◆ About this exercise
Using the listing below, give the number of lines where "msupp" appears, and nothing else.

Segment Open

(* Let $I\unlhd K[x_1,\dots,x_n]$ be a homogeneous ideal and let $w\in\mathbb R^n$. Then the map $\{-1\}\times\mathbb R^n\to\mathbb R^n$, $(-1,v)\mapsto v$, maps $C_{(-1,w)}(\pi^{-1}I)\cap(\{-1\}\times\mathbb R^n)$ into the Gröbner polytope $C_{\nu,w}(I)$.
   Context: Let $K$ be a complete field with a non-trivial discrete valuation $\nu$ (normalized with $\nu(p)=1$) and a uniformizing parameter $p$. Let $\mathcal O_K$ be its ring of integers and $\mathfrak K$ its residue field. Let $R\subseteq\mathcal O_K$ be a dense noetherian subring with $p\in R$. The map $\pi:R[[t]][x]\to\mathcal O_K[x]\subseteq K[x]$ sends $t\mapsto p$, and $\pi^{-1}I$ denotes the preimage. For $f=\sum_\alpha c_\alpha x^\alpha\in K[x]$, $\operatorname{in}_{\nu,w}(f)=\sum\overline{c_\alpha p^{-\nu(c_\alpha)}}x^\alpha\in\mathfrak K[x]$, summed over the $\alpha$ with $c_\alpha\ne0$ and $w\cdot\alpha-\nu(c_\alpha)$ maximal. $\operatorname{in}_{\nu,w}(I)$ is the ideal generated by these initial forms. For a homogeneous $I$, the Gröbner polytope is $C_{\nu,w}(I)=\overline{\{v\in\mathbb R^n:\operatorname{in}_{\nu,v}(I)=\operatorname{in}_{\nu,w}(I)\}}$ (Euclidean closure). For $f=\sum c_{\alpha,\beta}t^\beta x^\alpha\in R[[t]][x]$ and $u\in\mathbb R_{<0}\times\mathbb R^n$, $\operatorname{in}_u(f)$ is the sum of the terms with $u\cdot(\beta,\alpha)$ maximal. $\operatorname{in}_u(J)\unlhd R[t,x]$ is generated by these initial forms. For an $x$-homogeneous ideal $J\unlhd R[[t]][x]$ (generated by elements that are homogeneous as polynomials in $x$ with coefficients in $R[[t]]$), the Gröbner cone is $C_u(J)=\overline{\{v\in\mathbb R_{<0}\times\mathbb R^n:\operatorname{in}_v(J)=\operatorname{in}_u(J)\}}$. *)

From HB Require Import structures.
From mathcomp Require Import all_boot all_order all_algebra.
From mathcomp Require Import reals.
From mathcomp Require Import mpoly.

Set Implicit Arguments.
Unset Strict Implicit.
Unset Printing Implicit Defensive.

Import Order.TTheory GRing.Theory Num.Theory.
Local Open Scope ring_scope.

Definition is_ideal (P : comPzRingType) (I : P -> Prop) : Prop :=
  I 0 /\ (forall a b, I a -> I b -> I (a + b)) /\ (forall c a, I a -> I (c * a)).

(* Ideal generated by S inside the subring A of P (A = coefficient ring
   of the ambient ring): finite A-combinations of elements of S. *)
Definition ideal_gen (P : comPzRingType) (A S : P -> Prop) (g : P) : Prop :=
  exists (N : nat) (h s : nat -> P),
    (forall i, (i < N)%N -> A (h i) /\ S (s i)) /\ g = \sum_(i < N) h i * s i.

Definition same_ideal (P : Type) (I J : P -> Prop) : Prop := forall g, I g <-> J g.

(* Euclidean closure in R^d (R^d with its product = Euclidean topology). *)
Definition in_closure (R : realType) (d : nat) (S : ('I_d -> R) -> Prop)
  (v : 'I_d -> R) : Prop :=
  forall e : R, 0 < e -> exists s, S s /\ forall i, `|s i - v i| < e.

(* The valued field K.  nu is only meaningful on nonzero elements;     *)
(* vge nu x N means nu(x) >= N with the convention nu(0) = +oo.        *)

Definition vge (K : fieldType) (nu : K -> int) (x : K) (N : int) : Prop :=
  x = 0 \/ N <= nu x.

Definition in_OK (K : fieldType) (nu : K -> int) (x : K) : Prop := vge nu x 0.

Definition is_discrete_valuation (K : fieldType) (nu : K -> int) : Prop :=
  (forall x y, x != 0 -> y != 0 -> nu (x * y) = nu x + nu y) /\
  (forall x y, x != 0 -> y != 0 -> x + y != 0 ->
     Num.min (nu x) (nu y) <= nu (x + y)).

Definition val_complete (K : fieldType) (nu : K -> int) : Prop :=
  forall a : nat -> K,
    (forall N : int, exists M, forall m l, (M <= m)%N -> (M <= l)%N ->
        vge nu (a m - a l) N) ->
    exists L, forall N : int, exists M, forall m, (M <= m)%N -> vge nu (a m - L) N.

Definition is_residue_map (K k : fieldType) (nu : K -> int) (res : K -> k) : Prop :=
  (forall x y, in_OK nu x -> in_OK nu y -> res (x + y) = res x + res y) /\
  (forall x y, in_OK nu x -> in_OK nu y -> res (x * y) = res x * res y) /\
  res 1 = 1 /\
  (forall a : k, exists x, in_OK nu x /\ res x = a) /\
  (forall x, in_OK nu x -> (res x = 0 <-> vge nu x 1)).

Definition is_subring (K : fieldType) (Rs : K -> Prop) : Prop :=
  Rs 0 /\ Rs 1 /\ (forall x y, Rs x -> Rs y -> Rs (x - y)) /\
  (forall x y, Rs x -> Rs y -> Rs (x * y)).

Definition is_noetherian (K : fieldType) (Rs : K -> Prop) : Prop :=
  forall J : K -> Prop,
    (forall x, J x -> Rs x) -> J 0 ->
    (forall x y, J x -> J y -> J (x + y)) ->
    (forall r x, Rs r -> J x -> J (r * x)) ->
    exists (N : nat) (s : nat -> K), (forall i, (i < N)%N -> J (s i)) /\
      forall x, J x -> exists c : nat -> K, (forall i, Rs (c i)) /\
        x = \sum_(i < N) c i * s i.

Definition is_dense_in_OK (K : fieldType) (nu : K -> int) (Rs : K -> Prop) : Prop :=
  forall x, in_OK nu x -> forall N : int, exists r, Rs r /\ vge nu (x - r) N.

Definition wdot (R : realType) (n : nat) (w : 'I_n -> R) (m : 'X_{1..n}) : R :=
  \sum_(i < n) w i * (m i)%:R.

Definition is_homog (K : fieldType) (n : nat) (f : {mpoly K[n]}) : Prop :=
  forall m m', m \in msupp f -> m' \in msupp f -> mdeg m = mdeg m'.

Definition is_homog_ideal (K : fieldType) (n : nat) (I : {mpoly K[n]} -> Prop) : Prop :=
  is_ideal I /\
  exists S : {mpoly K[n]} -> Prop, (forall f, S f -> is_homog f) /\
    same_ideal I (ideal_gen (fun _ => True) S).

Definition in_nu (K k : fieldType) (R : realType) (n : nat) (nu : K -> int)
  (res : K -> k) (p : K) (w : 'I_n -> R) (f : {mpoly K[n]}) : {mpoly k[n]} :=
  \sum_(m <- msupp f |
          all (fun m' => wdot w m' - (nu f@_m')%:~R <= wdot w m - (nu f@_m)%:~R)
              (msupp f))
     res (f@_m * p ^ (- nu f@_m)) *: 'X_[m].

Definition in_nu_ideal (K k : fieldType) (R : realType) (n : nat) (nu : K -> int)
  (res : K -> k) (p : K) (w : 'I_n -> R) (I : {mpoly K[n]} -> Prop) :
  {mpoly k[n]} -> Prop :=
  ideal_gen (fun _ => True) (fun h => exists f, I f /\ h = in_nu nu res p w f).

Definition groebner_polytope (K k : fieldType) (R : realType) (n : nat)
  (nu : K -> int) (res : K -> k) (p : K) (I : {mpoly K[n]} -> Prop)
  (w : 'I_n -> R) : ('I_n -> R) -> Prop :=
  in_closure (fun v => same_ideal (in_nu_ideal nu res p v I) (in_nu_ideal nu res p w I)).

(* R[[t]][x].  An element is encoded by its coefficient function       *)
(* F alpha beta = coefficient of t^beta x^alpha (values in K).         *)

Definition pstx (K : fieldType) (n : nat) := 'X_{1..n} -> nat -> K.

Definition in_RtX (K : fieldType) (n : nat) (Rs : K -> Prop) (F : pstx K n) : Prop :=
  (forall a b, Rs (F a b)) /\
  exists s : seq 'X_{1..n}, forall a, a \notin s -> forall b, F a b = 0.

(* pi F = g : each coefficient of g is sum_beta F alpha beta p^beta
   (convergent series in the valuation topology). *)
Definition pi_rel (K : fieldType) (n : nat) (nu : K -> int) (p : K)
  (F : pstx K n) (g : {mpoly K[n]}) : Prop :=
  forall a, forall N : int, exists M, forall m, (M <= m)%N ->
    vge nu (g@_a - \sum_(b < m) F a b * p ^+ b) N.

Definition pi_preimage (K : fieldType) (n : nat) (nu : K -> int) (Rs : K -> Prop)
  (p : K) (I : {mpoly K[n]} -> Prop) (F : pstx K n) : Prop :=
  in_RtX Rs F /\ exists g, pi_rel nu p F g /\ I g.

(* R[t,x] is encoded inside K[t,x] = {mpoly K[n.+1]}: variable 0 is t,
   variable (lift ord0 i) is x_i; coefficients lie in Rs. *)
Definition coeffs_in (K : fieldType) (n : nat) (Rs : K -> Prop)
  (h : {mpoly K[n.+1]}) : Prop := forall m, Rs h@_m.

Segment Closed

◆ Result below
3